(* [F_N a b d] is F'(∂_a, ∂_b, ∂_d) = h((∇'_a J) ∂_b, ∂_d). *)
Definition F_N (a b d : nat) : R := sumn 2 (fun k => H k d * nablaJ a k b).

Definition hv (x y : nat -> R) : R := sumn 2 (fun a => sumn 2 (fun b => x a * H a b * y b)).

Definition Jv (x : nat -> R) : nat -> R := fun a => sumn 2 (fun b => Jm a b * x b).

Definition F_Nv (x y z : nat -> R) : R :=
  sumn 2 (fun a => sumn 2 (fun b => sumn 2 (fun d => x a * y b * z d * F_N a b d))).

Definition lee_N (z : nat -> R) : R :=
  sumn 2 (fun a => sumn 2 (fun b => H_inv a b * sumn 2 (fun d => z d * F_N a b d))).

(* The W_1 condition for N has the shape of the F_1 condition, with (h, J) for (g, φ). *)
Definition W1_rhs (x y z : nat -> R) : R :=
  / 2 * ( hv x (Jv y) * lee_N (Jv z) + hv x (Jv z) * lee_N (Jv y)
        + hv (Jv x) (Jv y) * lee_N (Jv (Jv z)) + hv (Jv x) (Jv z) * lee_N (Jv (Jv y))).

Definition norden_relations : Prop :=
  Jm 0 0 * Jm 0 0 + Jm 0 1 * Jm 1 0 + 1 = 0 /\
  Jm 0 0 + Jm 1 1 = 0 /\
  H 0 1 - H 1 0 = 0 /\
  H 0 0 * Jm 0 1 + H 0 1 * Jm 1 1 - H 1 0 * Jm 0 0 - H 1 1 * Jm 1 0 = 0.

Record norden_jet : Prop := {
  J_sq : Jm 0 0 * Jm 0 0 + Jm 0 1 * Jm 1 0 = -1;
  J_trace : Jm 1 1 = - Jm 0 0;
  H_sym : H 1 0 = H 0 1;
  HJ_sym : H 0 0 * Jm 0 1 + H 0 1 * Jm 1 1 = H 1 0 * Jm 0 0 + H 1 1 * Jm 1 0;
  H_nondeg : det_H <> 0;
  dJ_trace : forall k, (k < 2)%nat -> dJ k 1 1 = - dJ k 0 0;
  dJ_sq : forall k, (k < 2)%nat ->
    2 * Jm 0 0 * dJ k 0 0 + dJ k 0 1 * Jm 1 0 + Jm 0 1 * dJ k 1 0 = 0;
  dH_sym : forall k, (k < 2)%nat -> dH k 1 0 = dH k 0 1;
  dHJ_sym : forall k, (k < 2)%nat ->
    dH k 0 0 * Jm 0 1 + H 0 0 * dJ k 0 1 + dH k 0 1 * Jm 1 1 + H 0 1 * dJ k 1 1
    - dH k 1 0 * Jm 0 0 - H 1 0 * dJ k 0 0 - dH k 1 1 * Jm 1 0 - H 1 1 * dJ k 1 0 = 0 }.

Definition F_N_shape (b d : nat) : R :=
  match b, d with
  | O, O => Jm 1 0
  | S O, S O => - Jm 0 1
  | _, _ => - Jm 0 0
  end.

Lemma hv_Jv_sym x y :
  H 1 0 = H 0 1 -> H 0 0 * Jm 0 1 + H 0 1 * Jm 1 1 = H 1 0 * Jm 0 0 + H 1 1 * Jm 1 0 ->
  hv x (Jv y) = hv (Jv x) y.
Proof.
intros Hs HJs.
assert (E : hv x (Jv y) - hv (Jv x) y
  = (x 0%nat * y 1%nat - x 1%nat * y 0%nat)
    * (H 0 0 * Jm 0 1 + H 0 1 * Jm 1 1 - H 1 0 * Jm 0 0 - H 1 1 * Jm 1 0))
  by (unfold hv, Jv; cbn [sumn]; rewrite Hs; ring).
rewrite HJs in E. lra.
Qed.

Lemma F_Nv_basis a b d : (a < 2)%nat -> (b < 2)%nat -> (d < 2)%nat ->
  F_Nv (basis a) (basis b) (basis d) = F_N a b d.
Proof.
intros Ha Hb Hd. index2_cases a; index2_cases b; index2_cases d;
  unfold F_Nv, basis, delta; cbn [sumn Nat.eqb]; ring.
Qed.

Lemma F_Nv_eq0 x y z :
  (forall a b d, (a < 2)%nat -> (b < 2)%nat -> (d < 2)%nat -> F_N a b d = 0) ->
  F_Nv x y z = 0.
Proof. intros F0. unfold F_Nv; cbn [sumn]. rewrite !F0 by lia. ring. Qed.

Lemma nablaJ_eq0 i k j : det_H <> 0 ->
  (forall a b d, (a < 2)%nat -> (b < 2)%nat -> (d < 2)%nat -> F_N a b d = 0) ->
  (i < 2)%nat -> (k < 2)%nat -> (j < 2)%nat -> nablaJ i k j = 0.
Proof.
intros Hdet F0 Hi Hk Hj.
apply (Rmult_eq_reg_l det_H); [rewrite Rmult_0_r | exact Hdet].
index2_cases k.
- transitivity (H 1 1 * F_N i j 0 - H 1 0 * F_N i j 1).
  + unfold F_N, det_H; cbn [sumn]; ring.
  + rewrite !F0 by lia. ring.
- transitivity (H 0 0 * F_N i j 1 - H 0 1 * F_N i j 0).
  + unfold F_N, det_H; cbn [sumn]; ring.
  + rewrite !F0 by lia. ring.
Qed.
▬▬▬
GOAL OF THE EXERCISE ▸
Output each line of the listing above that has "Definition".

ANSWER FOR THE TASK ▸
Definition F_N (a b d : nat) : R := sumn 2 (fun k => H k d * nablaJ a k b).
Definition hv (x y : nat -> R) : R := sumn 2 (fun a => sumn 2 (fun b => x a * H a b * y b)).
Definition Jv (x : nat -> R) : nat -> R := fun a => sumn 2 (fun b => Jm a b * x b).
Definition F_Nv (x y z : nat -> R) : R :=
Definition lee_N (z : nat -> R) : R :=
Definition W1_rhs (x y z : nat -> R) : R :=
Definition norden_relations : Prop :=
Definition F_N_shape (b d : nat) : R :=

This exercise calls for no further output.